PROVIDED ENTRIES:

Let integral_inA y : B y -> \int[m1]_(x in A) h x y = \int[m1]_x H (x, y).
Proof.
move=> /mem_set By; rewrite integral_mkcond; apply: eq_integral => x _.
by rewrite HE By andbT patchE.
Qed.

Lemma measurable_fun_integral_in :
  measurable_fun A (fun x => \int[m2]_(y in B) h x y).
Proof.
apply: (eq_measurable_fun (fubini_F m2 H)) => [x /set_mem Ax|].
  by rewrite integral_inB.
exact: measurable_funS (measurable_fun_fubini_tonelli_F _ mH H0).
Qed.

Lemma fubini_tonelli_in :
  \int[m1]_(x in A) \int[m2]_(y in B) h x y =
  \int[m2]_(y in B) \int[m1]_(x in A) h x y.
Proof.
transitivity (\int[m1]_x \int[m2]_y H (x, y)).
  rewrite integral_mkcond; apply: eq_integral => x _; rewrite patchE.
  case: ifPn => [/set_mem /integral_inB //|Ax].
  by apply/esym/integral0_eq => y _; rewrite HE (negbTE Ax).
rewrite (fubini_tonelli _ mH H0) [RHS]integral_mkcond.
apply: eq_integral => y _; rewrite patchE.
case: ifPn => [/set_mem /integral_inA //|By].
by apply: integral0_eq => x _; rewrite HE (negbTE By) andbF.
Qed.

End fubini_tonelli_in.

Section measurable_setX.
Context d1 d2 d3 (T1 : measurableType d1) (T2 : measurableType d2)
  (T3 : measurableType d3).
Variables (A : set T1) (B : set T2).
Hypotheses (mA : measurable A) (mB : measurable B).

Lemma measurable_fun_setX_fst (x : T1 -> T3) :
  measurable_fun A x -> measurable_fun (A `*` B) (fun z => x z.1).
Proof.
move=> mx; apply: (measurable_comp mA) => //; first by move=> _ [z [Az _] <-].
exact: measurable_funTS measurable_fst.
Qed.

Lemma measurable_fun_setX_snd (y : T2 -> T3) :
  measurable_fun B y -> measurable_fun (A `*` B) (fun z => y z.2).
Proof.
move=> my; apply: (measurable_comp mB) => //; first by move=> _ [z [_ Bz] <-].
exact: measurable_funTS measurable_snd.
Qed.

Lemma measurable_fun_setX_pair1 (h : T1 * T2 -> T3) x : A x ->
  measurable_fun (A `*` B) h -> measurable_fun B (fun y => h (x, y)).
Proof.
move=> Ax mh; apply: (measurable_comp (measurableX mA mB)) => //.
  by move=> _ [y By <-].
exact: measurable_funTS (pair1_measurable x).
Qed.

End measurable_setX.
(* Let $\alpha\ge\omega$ be a countable ordinal with Cantor normal form $\alpha=\omega^{\beta_1}\cdot c_1+\omega^{\beta_2}\cdot c_2+\dots+\omega^{\beta_l}\cdot c_l$, where $\beta_1>\beta_2>\dots>\beta_l\ge0$ and $1\le c_i<\omega$. Then, regarding $\alpha$ as a linear order, $\mathsf{rk}(\alpha)=\omega\cdot\beta_1+\lfloor\log_2 c_1\rfloor$. In particular, the rank depends only on the leading term of the Cantor normal form.
   Context: An ordinal is regarded as the linear order $(\alpha,\in)$. Let $\mathcal F$ be the class of finite linear orders (language $\{<\}$); countable linear orders are the structures considered; substructures are suborders and $\mathsf{age}(X)$ is the set of finite suborders of $X$. For $A\le B$, $B$ is a prime extension of $A$ if $|B\setminus A|=1$; a realization of $B$ in $X$ (where $A\le X$) is $C\le X$ with $A\le C$ and an order-isomorphism $B\to C$ fixing $A$ pointwise. For $F\in\mathsf{age}(X)$ define by recursion: $\mathsf{rk}_X(F)\ge0$ always; $\mathsf{rk}_X(F)\ge\gamma+1$ iff every prime extension $B\in\mathcal F$ of $F$ has a realization $C$ in $X$ with $\mathsf{rk}_X(C)\ge\gamma$; for limit $\gamma$, $\mathsf{rk}_X(F)\ge\gamma$ iff $\mathsf{rk}_X(F)\ge\delta$ for all $\delta<\gamma$. $\mathsf{rk}_X(F)=\sup\{\gamma:\mathsf{rk}_X(F)\ge\gamma\}$ (or $\infty$ if this holds for all ordinals), and $\mathsf{rk}(X)=\mathsf{rk}_X(\emptyset)$. *)

From Stdlib Require Import List Arith Sorted.
Import ListNotations.
(* The poset $(P;\leq)$ defined below is order-isomorphic to an order component of some representable poset. Moreover, $(P;\le)$ is connected (it has a single order component).
   Context: Let $P=\{p\}\cup\{p_{i_0,\ldots,i_n}: 0\le n<\omega,\ i_0,\ldots,i_n\in\omega\}$ (all these symbols distinct). Let $\le$ be the reflexive–transitive closure of the following strict relations: (0) for all $0\le j<i<\omega$: $p<p_i<p_j$; (E) for all $r\ge 0$, all $i_0,\ldots,i_{2r}\in\omega$, all $k\le i_{2r}$ and all $i<j<\omega$: $p_{i_0,\ldots,i_{2r},i}<p_{i_0,\ldots,i_{2r},j}<p_{i_0,\ldots,i_{2r-1},k}$ (for $r=0$ the last element is $p_k$); (O) for all $r\ge0$, all $i_0,\ldots,i_{2r+1}\in\omega$, all $k\le i_{2r+1}$ and all $j<i<\omega$: $p_{i_0,\ldots,i_{2r},k}<p_{i_0,\ldots,i_{2r+1},i}<p_{i_0,\ldots,i_{2r+1},j}$. This $\le$ is a partial order on the countable set $P$. A poset is representable if it is order-isomorphic to the poset of prime ideals (ordered by inclusion) of a bounded distributive lattice, equivalently iff it carries a compact topology in which any $x\not\ge y$ are separated by a clopen down-set containing $x$ and not $y$. An order component of a poset is an equivalence class of the transitive closure of the comparability relation. *)

From HB Require Import structures.
From mathcomp Require Import all_boot all_order.
From Stdlib Require Import Relations.
Set Implicit Arguments. Unset Strict Implicit. Unset Printing Implicit Defensive.

(* Elements of P are finite sequences of naturals:
   [::] stands for p, and a nonempty s = [:: i_0; ...; i_n] for p_{i_0,...,i_n}. *)
Definition Pt := seq nat.

Inductive gen : Pt -> Pt -> Prop :=
| gen0a (i j : nat) : j < i -> gen [::] [:: i]
| gen0b (i j : nat) : j < i -> gen [:: i] [:: j]
(* (E): s = t ++ [m] of odd length 2r+1 (so size t = 2r even), k <= m, i < j :
        p_{s,i} < p_{s,j} < p_{t,k} *)
| genEa (t : seq nat) (m k i j : nat) : ~~ odd (size t) -> k <= m -> i < j ->
    gen (rcons (rcons t m) i) (rcons (rcons t m) j)
| genEb (t : seq nat) (m k i j : nat) : ~~ odd (size t) -> k <= m -> i < j ->
    gen (rcons (rcons t m) j) (rcons t k)
(* (O): s = t ++ [m] of even length 2r+2 (so size t = 2r+1 odd), k <= m, j < i :
        p_{t,k} < p_{s,i} < p_{s,j} *)
| genOa (t : seq nat) (m k i j : nat) : odd (size t) -> k <= m -> j < i ->
    gen (rcons t k) (rcons (rcons t m) i)
| genOb (t : seq nat) (m k i j : nat) : odd (size t) -> k <= m -> j < i ->
    gen (rcons (rcons t m) i) (rcons (rcons t m) j).

Definition Ple : Pt -> Pt -> Prop := clos_refl_trans Pt gen.

Definition comparable (T : Type) (le : T -> T -> Prop) (x y : T) : Prop :=
  le x y \/ le y x.

Definition same_component (T : Type) (le : T -> T -> Prop) (x y : T) : Prop :=
  clos_trans T (comparable le) x y.

Definition connected (T : Type) (le : T -> T -> Prop) : Prop :=
  forall x y : T, same_component le x y.

Definition prime_ideal (d : Order.disp_t) (L : tbDistrLatticeType d)
    (I : L -> Prop) : Prop :=
  [/\ I Order.bottom,
      (forall x y : L, Order.le y x -> I x -> I y),
      (forall x y : L, I x -> I y -> I (Order.join x y)),
      ~ I Order.top &
      (forall x y : L, I (Order.meet x y) -> I x \/ I y)].

(* (Q, leQ) is representable: order-isomorphic to the prime ideals of some
   bounded distributive lattice, ordered by inclusion (ideals compared
   extensionally as sets). *)
Definition representable (Q : Type) (leQ : Q -> Q -> Prop) : Prop :=
  exists (d : Order.disp_t) (L : tbDistrLatticeType d) (g : Q -> L -> Prop),
    [/\ (forall q, prime_ideal (g q)),
        (forall q1 q2, leQ q1 q2 <-> (forall a, g q1 a -> g q2 a)),
        (forall q1 q2, (forall a, g q1 a <-> g q2 a) -> q1 = q2) &
        (forall I : L -> Prop, prime_ideal I ->
            exists q, forall a, g q a <-> I a)].

Definition iso_to_component (A : Type) (leA : A -> A -> Prop)
    (Q : Type) (leQ : Q -> Q -> Prop) (q0 : Q) : Prop :=
  exists f : A -> Q,
    [/\ (forall x, same_component leQ q0 (f x)),
        (forall y, same_component leQ q0 y -> exists x, f x = y),
        (forall x1 x2, f x1 = f x2 -> x1 = x2) &
        (forall x1 x2, leA x1 x2 <-> leQ (f x1) (f x2))].

(* P is a tree: [[::]] is the root [p] and [rcons s i] is the i-th child of [s].
   Connectedness holds because every node is comparable with its parent.  For
   representability we embed P into the space Q = P + (infinite branches), with
   branches pairwise incomparable and incomparable with the nodes; P is then the
   order component of the root in Q.  Q is a Priestley space for the topology in
   which a node [s] has the neighbourhoods {s} u (cones of children of label >= m)
   and a branch has the cones of its initial segments as neighbourhoods.  Then:
   - the clopen down-sets of Q form a bounded distributive lattice (a general
     construction for families of sets closed under finite unions/intersections);
   - they separate the order (explicit sets [lowset] and [cone_lowset], whose
     properties rest on how chains of generators leave cones of the tree);
   - by a compactness (König-type) argument, every prime ideal of this lattice is
     the set of clopen down-sets avoiding one point of Q;
   - a general criterion turns these three facts, together with antisymmetry
     (proved with a strictly monotone rational valuation), into representability. *)

From Pilot Require Import Defs.
From HB Require Import structures.
From mathcomp Require Import all_boot all_order ssralg ssrnum rat.
From mathcomp Require Import boolp zify.
From Stdlib Require Import Relations Classical.
Set Implicit Arguments. Unset Strict Implicit. Unset Printing Implicit Defensive.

EXERCISE AIM: Look for the string "clopen" in the records, and copy every line where it is found.

YOUR SOLUTION:
   Context: Let $P=\{p\}\cup\{p_{i_0,\ldots,i_n}: 0\le n<\omega,\ i_0,\ldots,i_n\in\omega\}$ (all these symbols distinct). Let $\le$ be the reflexive–transitive closure of the following strict relations: (0) for all $0\le j<i<\omega$: $p<p_i<p_j$; (E) for all $r\ge 0$, all $i_0,\ldots,i_{2r}\in\omega$, all $k\le i_{2r}$ and all $i<j<\omega$: $p_{i_0,\ldots,i_{2r},i}<p_{i_0,\ldots,i_{2r},j}<p_{i_0,\ldots,i_{2r-1},k}$ (for $r=0$ the last element is $p_k$); (O) for all $r\ge0$, all $i_0,\ldots,i_{2r+1}\in\omega$, all $k\le i_{2r+1}$ and all $j<i<\omega$: $p_{i_0,\ldots,i_{2r},k}<p_{i_0,\ldots,i_{2r+1},i}<p_{i_0,\ldots,i_{2r+1},j}$. This $\le$ is a partial order on the countable set $P$. A poset is representable if it is order-isomorphic to the poset of prime ideals (ordered by inclusion) of a bounded distributive lattice, equivalently iff it carries a compact topology in which any $x\not\ge y$ are separated by a clopen down-set containing $x$ and not $y$. An order component of a poset is an equivalence class of the transitive closure of the comparability relation. *)
   - the clopen down-sets of Q form a bounded distributive lattice (a general
     the set of clopen down-sets avoiding one point of Q;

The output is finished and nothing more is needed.